*Information given*
········

(* If there is a fork in governance, then the auditor can assign blame to at least $f+1$ misbehaving replicas.
   Context: System model. A service runs on a set of replicas (its configuration), $N$ replicas per configuration with $f=\lceil N/3\rceil-1$, executing the L-PBFT protocol (PBFT-style, with a ledger); each batch at sequence number $s$ is prepared by $N-f$ replicas of the current configuration signing pre-prepare/prepare messages, and pipelining depth is $P$. Governance transactions change the configuration (members and replicas): a referendum is passed by a final vote transaction; the primary ends its batch after each governance transaction, and after the final vote committed at sequence number $s$, it issues $2P$ empty ''end-of-configuration'' batches; the $P$-th end-of-configuration batch (at $s+P$) contains evidence that the batch at $s$ committed and, in its pre-prepare, the committed Merkle root (the root of the ledger's Merkle tree at $s$). A correct replica prepares the $P$-th end-of-configuration batch at $s+P$ only after the final vote transaction triggering the configuration change has committed at $s$ (hence all preceding governance transactions have committed). The governance sub-ledger consists of the governance transactions with their evidence and, for each configuration change, the $P$-th and $2P$-th end-of-configuration batches. The configuration number of a configuration is its distance from the genesis configuration (number $0$). Two $P$-th end-of-configuration batches are equivalent if they are at the same ledger index and sequence number and are preceded by the same valid governance sub-ledger (their pre-prepares contain the same committed Merkle root). There is a fork in governance if there exist two $P$-th end-of-configuration batches for the same configuration number, each belonging to a valid governance sub-ledger, that are not equivalent. The auditor assigns blame to a replica by exhibiting statements signed by that replica that a correct replica would never sign. *)

From HB Require Import structures.
From mathcomp Require Import all_boot.
Set Implicit Arguments. Unset Strict Implicit. Unset Printing Implicit Defensive.

Section Governance.
(* R : replica identities; G : governance transactions (with their evidence);
   D : Merkle roots (digests). *)
Variables (R : finType) (G : Type) (D : eqType).

(* f = ceil(N/3) - 1   (ceil(N/3) = (N+2) %/ 3) *)
Definition fault_bound (N : nat) : nat := ((N + 2) %/ 3).-1.

(* A signed protocol message: a prepare (or pre-prepare) for the P-th
   end-of-configuration batch of configuration number k, at ledger index i,
   sequence number s, whose pre-prepare carries committed Merkle root d.
   Encoded as the tuple (k, i, s, d). *)
Definition msg := (nat * nat * nat * D)%type.
Definition msg_config (m : msg) : nat := m.1.1.1.

Definition signed := (R * msg)%type.

(* The P-th end-of-configuration batch (relevant header). *)
Record eoc_batch := EoC { eoc_idx : nat; eoc_seq : nat; eoc_root : D }.

(* One configuration change as recorded in the governance sub-ledger. *)
Record step := Step {
  st_gov : seq G;            (* governance txs (ending with the final vote) *)
  st_eocP : eoc_batch;
  st_sigs : seq signed;      (* signed (pre-)prepares for the P-th EoC batch *)
  st_eoc2P : nat * nat       (* 2P-th end-of-configuration batch (index, seqno) *)
}.

Definition prepare_of (k : nat) (b : eoc_batch) : msg :=
  (k, eoc_idx b, eoc_seq b, eoc_root b).

(* Configuration number k of a governance sub-ledger L, starting from the
   genesis configuration C0; nc C txs is the configuration obtained from C
   by the governance transactions txs. *)
Definition config_at (C0 : {set R}) (nc : {set R} -> seq G -> {set R})
  (L : seq step) (k : nat) : {set R} :=
  foldl (fun C st => nc C (st_gov st)) C0 (take k L).

(* Validity of a governance sub-ledger: for each configuration number k,
   configuration k has N replicas, the P-th EoC batch carries the committed
   Merkle root of everything preceding it (the earlier configuration changes
   and the governance transactions of change k), and it was prepared by at
   least N - f replicas of configuration k. *)
Definition valid_subledger (N : nat) (C0 : {set R})
  (nc : {set R} -> seq G -> {set R}) (mroot : seq step -> seq G -> D)
  (L : seq step) : Prop :=
  forall k st, onth L k = Some st ->
    [/\ #|config_at C0 nc L k| = N,
        eoc_root (st_eocP st) = mroot (take k L) (st_gov st) &
        N - fault_bound N <=
          #|[set r in config_at C0 nc L k | (r, prepare_of k (st_eocP st)) \in st_sigs st]| ].

Definition equivalent (b1 b2 : eoc_batch) : Prop :=
  [/\ eoc_idx b1 = eoc_idx b2, eoc_seq b1 = eoc_seq b2 & eoc_root b1 = eoc_root b2].

Definition gov_fork N C0 nc mroot (L1 L2 : seq step) : Prop :=
  [/\ valid_subledger N C0 nc mroot L1, valid_subledger N C0 nc mroot L2 &
      exists k st1 st2, [/\ onth L1 k = Some st1, onth L2 k = Some st2 &
                            ~ equivalent (st_eocP st1) (st_eocP st2)] ].

(* Statements a correct replica never signs: prepares for two non-equivalent
   P-th end-of-configuration batches of the same configuration number. *)
Definition conflicting (m1 m2 : msg) : Prop :=
  msg_config m1 = msg_config m2 /\ m1 <> m2.

(* Blame: the auditor exhibits, from the evidence ev, two statements signed
   by r that a correct replica would never sign. *)
Definition blamed (ev : seq signed) (r : R) : Prop :=
  exists m1 m2, [/\ (r, m1) \in ev, (r, m2) \in ev & conflicting m1 m2].

Definition evidence (L : seq step) : seq signed := flatten (map st_sigs L).

End Governance.

(* Go to the smallest configuration number j at which the two sub-ledgers
   carry non-equivalent P-th end-of-configuration batches.  Below j the
   batches agree, and a committed Merkle root binds the whole governance
   history preceding it, so both sub-ledgers compute the same configuration
   j.  In that configuration of N replicas the two batches were each prepared
   by at least N - f replicas; the two quorums share at least N - 2f >= f + 1
   replicas, and each of them signed prepares for two non-equivalent batches
   of configuration j. *)
From HB Require Import structures.
From mathcomp Require Import all_boot.
From mathcomp Require Import zify.
Set Implicit Arguments. Unset Strict Implicit. Unset Printing Implicit Defensive.

Lemma onth_predS (T : Type) (s : seq T) k x :
  onth s k.+1 = Some x -> exists y, onth s k = Some y.
Proof. by elim: s k => [|y s IH] [|k] //=; [exists y | exact: IH]. Qed.

Lemma cardsI_quorum (T : finType) (A B C : {set T}) :
  A \subset C -> B \subset C -> #|A| + #|B| <= #|C| + #|A :&: B|.
Proof.
move=> sAC sBC; rewrite -cardsUI leq_add2r.
by apply: subset_leq_card; rewrite subUset sAC.
Qed.

Lemma fault_bound_lt N : 0 < N -> 3 * fault_bound N < N.
Proof. rewrite /fault_bound; lia. Qed.

Section Blame.
Variables (R : finType) (G : Type) (D : eqType).
Implicit Types (b : eoc_batch D) (L : seq (step R G D)).

Lemma equivalentP b1 b2 :
  reflect (equivalent b1 b2)
    [&& eoc_idx b1 == eoc_idx b2, eoc_seq b1 == eoc_seq b2 & eoc_root b1 == eoc_root b2].
Proof. by apply: (iffP and3P) => [[/eqP ? /eqP ? /eqP ?] | [-> -> ->]]. Qed.

Lemma conflicting_prepares k b1 b2 :
  ~ equivalent b1 b2 -> conflicting (prepare_of k b1) (prepare_of k b2).
Proof. by move=> neq_b; split=> // -[? ? ?]; apply: neq_b. Qed.

Lemma mem_evidence L k st x :
  onth L k = Some st -> x \in st_sigs st -> x \in evidence L.
Proof.
move=> Lk x_st; apply/flattenP; exists (st_sigs st) => //.
by apply/onthP; exists k; rewrite onth_map Lk.
Qed.

Lemma config_atS C0 (nc : {set R} -> seq G -> {set R}) L k st :
  onth L k = Some st ->
  config_at C0 nc L k.+1 = nc (config_at C0 nc L k) (st_gov st).
Proof.
move=> Lk; have k_lt : k < size L by rewrite -onthTE Lk.
by rewrite /config_at (take_nth st k_lt) foldl_rcons (onth_nth st _ _ _ Lk).
Qed.

Variables (N : nat) (C0 : {set R}) (nc : {set R} -> seq G -> {set R})
  (mroot : seq (step R G D) -> seq G -> D) (L1 L2 : seq (step R G D)).
Hypothesis mroot_inj :
  forall p1 g1 p2 g2, mroot p1 g1 = mroot p2 g2 -> p1 = p2 /\ g1 = g2.
Hypotheses (valid1 : valid_subledger N C0 nc mroot L1)
           (valid2 : valid_subledger N C0 nc mroot L2).

Lemma equivalent_config_atS k st1 st2 :
  onth L1 k = Some st1 -> onth L2 k = Some st2 ->
  equivalent (st_eocP st1) (st_eocP st2) ->
  config_at C0 nc L1 k.+1 = config_at C0 nc L2 k.+1.
Proof.
move=> L1k L2k [_ _ eq_root].
have [_ root1 _] := valid1 L1k; have [_ root2 _] := valid2 L2k.
have [eq_prefix eq_gov] : take k L1 = take k L2 /\ st_gov st1 = st_gov st2.
  by apply: mroot_inj; rewrite -root1 -root2.
by rewrite (config_atS _ _ L1k) (config_atS _ _ L2k) /config_at eq_prefix eq_gov.
Qed.

Lemma first_fork k st1 st2 :
  onth L1 k = Some st1 -> onth L2 k = Some st2 ->
  ~ equivalent (st_eocP st1) (st_eocP st2) ->
  exists j st1' st2',
    [/\ onth L1 j = Some st1', onth L2 j = Some st2',
        ~ equivalent (st_eocP st1') (st_eocP st2') &
        config_at C0 nc L1 j = config_at C0 nc L2 j].
Proof.
elim: k st1 st2 => [|k IH] st1 st2 L1k L2k neq_b.
  by exists 0, st1, st2; rewrite /config_at !take0.
have [[a L1a] [b L2b]] := (onth_predS L1k, onth_predS L2k).
case: (equivalentP (st_eocP a) (st_eocP b)) => [eq_ab | neq_ab].
  by exists k.+1, st1, st2; split=> //; apply: equivalent_config_atS L1a L2b eq_ab.
exact: IH L1a L2b neq_ab.
Qed.

Lemma fork_blamed_quorum j st1 st2 :
  0 < N -> onth L1 j = Some st1 -> onth L2 j = Some st2 ->
  ~ equivalent (st_eocP st1) (st_eocP st2) ->
  config_at C0 nc L1 j = config_at C0 nc L2 j ->
  exists B : {set R},
    fault_bound N + 1 <= #|B| /\
    forall r, r \in B -> blamed (evidence L1 ++ evidence L2) r.
Proof.
move=> N_gt0 L1j L2j neq_b eq_config.
set C := config_at C0 nc L2 j.
set Q1 := [set r in C | (r, prepare_of j (st_eocP st1)) \in st_sigs st1].
set Q2 := [set r in C | (r, prepare_of j (st_eocP st2)) \in st_sigs st2].
have [card_C _ quorum1] := valid1 L1j; have [_ _ quorum2] := valid2 L2j.
rewrite eq_config -/C -/Q1 in card_C quorum1; rewrite -/C -/Q2 in quorum2.
have overlap : #|Q1| + #|Q2| <= #|C| + #|Q1 :&: Q2|.
  by apply: cardsI_quorum; rewrite ?/Q1 ?/Q2 setIdE subsetIl.
exists (Q1 :&: Q2); split.
  by have := fault_bound_lt N_gt0; lia.
move=> r; rewrite !inE => /andP[/andP[_ signed1] /andP[_ signed2]].
exists (prepare_of j (st_eocP st1)), (prepare_of j (st_eocP st2)); split.
- by rewrite mem_cat (mem_evidence L1j signed1).
- by rewrite mem_cat (mem_evidence L2j signed2) orbT.
- exact: conflicting_prepares.
Qed.

End Blame.

Theorem lemma7 (R : finType) (G : Type) (D : eqType) (N : nat)
  (C0 : {set R}) (nc : {set R} -> seq G -> {set R})
  (mroot : seq (step R G D) -> seq G -> D) (L1 L2 : seq (step R G D)) :
  0 < N ->
  (* Merkle roots are binding (idealized collision resistance) *)
  (forall p1 g1 p2 g2, mroot p1 g1 = mroot p2 g2 -> p1 = p2 /\ g1 = g2) ->
  gov_fork N C0 nc mroot L1 L2 ->
  exists B : {set R},
    fault_bound N + 1 <= #|B| /\
    forall r, r \in B -> blamed (evidence L1 ++ evidence L2) r.
Proof.
move=> N_gt0 mroot_inj [valid1 valid2 [k [st1 [st2 [L1k L2k neq_b]]]]].
have [j [st1' [st2' [L1j L2j neq_j eq_config]]]] :=
  first_fork mroot_inj valid1 valid2 L1k L2k neq_b.
exact: (fork_blamed_quorum valid1 valid2 N_gt0 L1j L2j neq_j eq_config).
Qed.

········

Every line of the entries above that holds "prepared" should be copied out.

   Context: System model. A service runs on a set of replicas (its configuration), $N$ replicas per configuration with $f=\lceil N/3\rceil-1$, executing the L-PBFT protocol (PBFT-style, with a ledger); each batch at sequence number $s$ is prepared by $N-f$ replicas of the current configuration signing pre-prepare/prepare messages, and pipelining depth is $P$. Governance transactions change the configuration (members and replicas): a referendum is passed by a final vote transaction; the primary ends its batch after each governance transaction, and after the final vote committed at sequence number $s$, it issues $2P$ empty ''end-of-configuration'' batches; the $P$-th end-of-configuration batch (at $s+P$) contains evidence that the batch at $s$ committed and, in its pre-prepare, the committed Merkle root (the root of the ledger's Merkle tree at $s$). A correct replica prepares the $P$-th end-of-configuration batch at $s+P$ only after the final vote transaction triggering the configuration change has committed at $s$ (hence all preceding governance transactions have committed). The governance sub-ledger consists of the governance transactions with their evidence and, for each configuration change, the $P$-th and $2P$-th end-of-configuration batches. The configuration number of a configuration is its distance from the genesis configuration (number $0$). Two $P$-th end-of-configuration batches are equivalent if they are at the same ledger index and sequence number and are preceded by the same valid governance sub-ledger (their pre-prepares contain the same committed Merkle root). There is a fork in governance if there exist two $P$-th end-of-configuration batches for the same configuration number, each belonging to a valid governance sub-ledger, that are not equivalent. The auditor assigns blame to a replica by exhibiting statements signed by that replica that a correct replica would never sign. *)
   and the governance transactions of change k), and it was prepared by at
   j.  In that configuration of N replicas the two batches were each prepared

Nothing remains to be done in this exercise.